■ **Prompt**: Only the lines below, from the one with "Definition P_D (E" through the one with "another vertex than", are to be written out, exactly.
↓
(* Let $G$ be a connected ribbon graph. Then (1) $P_{\langle\delta\rangle}(G,1)=P_{\langle\tau\delta\tau\rangle}(G,1)=2^{e(G)}$, $P_{\langle\delta\tau\rangle}(G,1)=3^{e(G)}$, and $P_{\langle\delta,\tau\rangle}(G,1)=6^{e(G)}$; (2) for each $\bullet\in\{\langle\delta\rangle,\langle\delta\tau\rangle,\langle\tau\delta\tau\rangle,\langle\delta,\tau\rangle\}$ and every $H\in\mathrm{Orb}_\bullet(G)$, $P_\bullet(G,x)=P_\bullet(H,x)$; (3) for each $\bullet\in\{\langle\delta\rangle,\langle\delta\tau\rangle,\langle\tau\delta\tau\rangle,\langle\delta,\tau\rangle\}$, the polynomial $P_\bullet(G,x)$ has minimum degree $1$ and is interpolating, i.e. if its maximum degree is $M$ then the coefficient of $x^k$ is nonzero for every $1\le k\le M$.
   Context: A ribbon graph $G=(V(G),E(G))$ is a (orientable or non-orientable) surface with boundary, represented as the union of a set $V(G)$ of vertex discs and a set $E(G)$ of edge discs (ribbons) such that vertices and edges intersect in disjoint line segments, each such segment lies on the boundary of exactly one vertex and exactly one edge, and every edge contains exactly two such segments. $v(G)$, $e(G)$ denote the numbers of vertices and edges. For $A\subseteq E(G)$, the partial dual $G^{\delta(A)}$ is obtained by gluing a disc along each boundary component of the spanning ribbon subgraph $(V(G),A)$ (these discs become the vertex discs), removing the interiors of the original vertex discs, and keeping the edge ribbons. The partial Petrial $G^{\tau(A)}$ adds a half-twist to each edge in $A$. For a word $w=w_1\cdots w_n$ over $\{\delta,\tau\}$, $G^{w(A)}=(\cdots(G^{w_n(A)})^{w_{n-1}(A)}\cdots)^{w_1(A)}$ (rightmost letter applied first), $G^{1(A)}=G$, and $G^{\xi(A)\pi(B)}=(G^{\xi(A)})^{\pi(B)}$. Orbits: $\mathrm{Orb}_{\langle\delta\rangle}(G)=\{G^{\delta(A)}:A\subseteq E(G)\}$, $\mathrm{Orb}_{\langle\tau\delta\tau\rangle}(G)=\{G^{\tau\delta\tau(A)}:A\subseteq E(G)\}$, $\mathrm{Orb}_{\langle\delta\tau\rangle}(G)=\{G^{1(A_1)\tau\delta(A_2)\delta\tau(A_3)}\}$ over ordered partitions $(A_1,A_2,A_3)$ of $E(G)$ into pairwise disjoint possibly empty parts, and $\mathrm{Orb}_{\langle\delta,\tau\rangle}(G)=\{G^{1(A_1)\delta(A_2)\tau(A_3)\tau\delta(A_4)\delta\tau(A_5)\tau\delta\tau(A_6)}\}$ over ordered partitions $(A_1,\dots,A_6)$ of $E(G)$. Vertex polynomials (sums over the same index sets, counted with multiplicity): $P_{\langle\delta\rangle}(G,x)=\sum_{A\subseteq E(G)}x^{v(G^{\delta(A)})}$; $P_{\langle\tau\delta\tau\rangle}(G,x)=\sum_{A\subseteq E(G)}x^{v(G^{\tau\delta\tau(A)})}$; $P_{\langle\delta\tau\rangle}(G,x)=\sum_{(A_1,A_2,A_3)}x^{v(G^{1(A_1)\tau\delta(A_2)\delta\tau(A_3)})}$; $P_{\langle\delta,\tau\rangle}(G,x)=\sum_{(A_1,\dots,A_6)}x^{v(G^{1(A_1)\delta(A_2)\tau(A_3)\tau\delta(A_4)\delta\tau(A_5)\tau\delta\tau(A_6)})}$. *)

(* Ribbon graphs are encoded combinatorially by their flags
   (graph-encoded maps / "gems"). *)
From mathcomp Require Import all_boot all_algebra.
Set Implicit Arguments. Unset Strict Implicit. Unset Printing Implicit Defensive.
Import GRing.Theory.
Local Open Scope ring_scope.

(* A flag (corner) of an edge ribbon e : (e, end of the edge, side of the edge). *)
Definition Flag (E : finType) : finType := (E * bool * bool)%type.
Definition fedge (E : finType) (x : Flag E) : E := x.1.1.

(* Raw ribbon graph data with edge set E:
   ra = across the attachment segment (same edge end, other side),
   rb = along an edge side (other end),
   rc = along the vertex-disc boundary arc to the next corner,
   riso = number of isolated vertices (vertex discs with no edge). *)
Record ribgraph (E : finType) := RGraph {
  ra : Flag E -> Flag E;
  rb : Flag E -> Flag E;
  rc : Flag E -> Flag E;
  riso : nat }.

Definition is_ribbon (E : finType) (G : ribgraph E) : Prop :=
  involutive (ra G) /\ involutive (rb G) /\ involutive (rc G) /\
  (forall x, ra G x != x) /\ (forall x, rb G x != x) /\ (forall x, rc G x != x) /\
  (forall x, fedge (ra G x) = fedge x) /\ (forall x, fedge (rb G x) = fedge x) /\
  (forall x, ra G (rb G x) = rb G (ra G x)) /\ (forall x, ra G (rb G x) != x).

Definition norbits (T : finType) (fs : seq (T -> T)) : nat :=
  n_comp (fun x y : T => has (fun f => y == f x) fs) predT.

(* v(G): vertices = boundary components of vertex discs = <ra,rc>-orbits,
   plus isolated vertices *)
Definition nverts (E : finType) (G : ribgraph E) : nat :=
  norbits [:: ra G; rc G] + riso G.

Definition ncomps (E : finType) (G : ribgraph E) : nat :=
  norbits [:: ra G; rb G; rc G] + riso G.
Definition rconnected (E : finType) (G : ribgraph E) : Prop := ncomps G = 1%N.

Definition pdual (E : finType) (A : {set E}) (G : ribgraph E) : ribgraph E :=
  RGraph (fun x => if fedge x \in A then rb G x else ra G x)
         (fun x => if fedge x \in A then ra G x else rb G x)
         (rc G) (riso G).

Definition ppetrial (E : finType) (A : {set E}) (G : ribgraph E) : ribgraph E :=
  RGraph (ra G)
         (fun x => if fedge x \in A then ra G (rb G x) else rb G x)
         (rc G) (riso G).

Inductive letter := Ld | Lt.
Definition word := seq letter.

Definition op (E : finType) (l : letter) (A : {set E}) (G : ribgraph E) : ribgraph E :=
  match l with Ld => pdual A G | Lt => ppetrial A G end.

(* G^{w(A)}, rightmost letter applied first *)
Definition applyw (E : finType) (w : word) (A : {set E}) (G : ribgraph E) : ribgraph E :=
  foldr (fun l H => op l A H) G w.

(* G^{w_0(A_0) w_1(A_1) ... } = ((G^{w_0(A_0)})^{w_1(A_1)})... *)
Definition applyseq (E : finType) (G : ribgraph E) (ps : seq (word * {set E})) : ribgraph E :=
  foldl (fun H p => applyw p.1 p.2 H) G ps.

(* the i-th part of an ordered partition encoded as a colouring f *)
Definition part (E : finType) (n : nat) (f : {ffun E -> 'I_n}) (i : nat) : {set E} :=
  [set e | val (f e) == i].

Definition tdt : word := [:: Lt; Ld; Lt].

Definition orbD (E : finType) (G : ribgraph E) (A : {set E}) := applyw [:: Ld] A G.
Definition orbTDT (E : finType) (G : ribgraph E) (A : {set E}) := applyw tdt A G.
Definition orbDT (E : finType) (G : ribgraph E) (f : {ffun E -> 'I_3}) :=
  applyseq G [:: ([::], part f 0); ([:: Lt; Ld], part f 1); ([:: Ld; Lt], part f 2)].
Definition orbALL (E : finType) (G : ribgraph E) (f : {ffun E -> 'I_6}) :=
  applyseq G [:: ([::], part f 0); ([:: Ld], part f 1); ([:: Lt], part f 2);
                 ([:: Lt; Ld], part f 3); ([:: Ld; Lt], part f 4); (tdt, part f 5)].

Definition P_D (E : finType) (G : ribgraph E) : {poly int} :=
  \sum_(A : {set E}) 'X^(nverts (orbD G A)).
Definition P_TDT (E : finType) (G : ribgraph E) : {poly int} :=
  \sum_(A : {set E}) 'X^(nverts (orbTDT G A)).
Definition P_DT (E : finType) (G : ribgraph E) : {poly int} :=
  \sum_(f : {ffun E -> 'I_3}) 'X^(nverts (orbDT G f)).
Definition P_ALL (E : finType) (G : ribgraph E) : {poly int} :=
  \sum_(f : {ffun E -> 'I_6}) 'X^(nverts (orbALL G f)).

Definition mindeg1 (p : {poly int}) : Prop := p`_0 = 0 /\ p`_1 != 0.
Definition interpolating (p : {poly int}) : Prop :=
  forall k : nat, (1 <= k <= (size p).-1)%N -> p`_k != 0.

From mathcomp Require Import all_boot all_algebra zify.
From Stdlib Require List.
From Stdlib Require Import FunctionalExtensionality.

Set Implicit Arguments. Unset Strict Implicit. Unset Printing Implicit Defensive.

Import GRing.Theory Num.Theory.

Local Notation root := fingraph.root.

(* Every graph in each orbit of G is [restate G g] for an assignment
   [g] of one of six states to the edges: a state records which of the three
   fixed-point-free involutions a, b, ab of G on the four flags of an edge act
   as the new [ra] and [rb], and partial duals and Petrials permute the states.
   Each vertex polynomial is therefore a sum of x^v over state assignments
   indexed by a group acting simply transitively, which gives (1) by counting
   and (2) by translating the indices.
   For (3), changing the state of one edge changes the number of vertices by at
   most one, so the vertex counts fill an interval. Connectedness gives at least
   one vertex, and exactly one is attained: minimise the count over assignments
   using two states only; if the minimum exceeded one, some flag would lie in
   another vertex than its partner under the alternative involution, and
   switching the state of its edge would merge vertices. *)

Section GeneratedRelation.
↑
■ **Answer to the exercise**:
Definition P_D (E : finType) (G : ribgraph E) : {poly int} :=
  \sum_(A : {set E}) 'X^(nverts (orbD G A)).
Definition P_TDT (E : finType) (G : ribgraph E) : {poly int} :=
  \sum_(A : {set E}) 'X^(nverts (orbTDT G A)).
Definition P_DT (E : finType) (G : ribgraph E) : {poly int} :=
  \sum_(f : {ffun E -> 'I_3}) 'X^(nverts (orbDT G f)).
Definition P_ALL (E : finType) (G : ribgraph E) : {poly int} :=
  \sum_(f : {ffun E -> 'I_6}) 'X^(nverts (orbALL G f)).

Definition mindeg1 (p : {poly int}) : Prop := p`_0 = 0 /\ p`_1 != 0.
Definition interpolating (p : {poly int}) : Prop :=
  forall k : nat, (1 <= k <= (size p).-1)%N -> p`_k != 0.

From mathcomp Require Import all_boot all_algebra zify.
From Stdlib Require List.
From Stdlib Require Import FunctionalExtensionality.

Set Implicit Arguments. Unset Strict Implicit. Unset Printing Implicit Defensive.

Import GRing.Theory Num.Theory.

Local Notation root := fingraph.root.

(* Every graph in each orbit of G is [restate G g] for an assignment
   [g] of one of six states to the edges: a state records which of the three
   fixed-point-free involutions a, b, ab of G on the four flags of an edge act
   as the new [ra] and [rb], and partial duals and Petrials permute the states.
   Each vertex polynomial is therefore a sum of x^v over state assignments
   indexed by a group acting simply transitively, which gives (1) by counting
   and (2) by translating the indices.
   For (3), changing the state of one edge changes the number of vertices by at
   most one, so the vertex counts fill an interval. Connectedness gives at least
   one vertex, and exactly one is attained: minimise the count over assignments
   using two states only; if the minimum exceeded one, some flag would lie in
   another vertex than its partner under the alternative involution, and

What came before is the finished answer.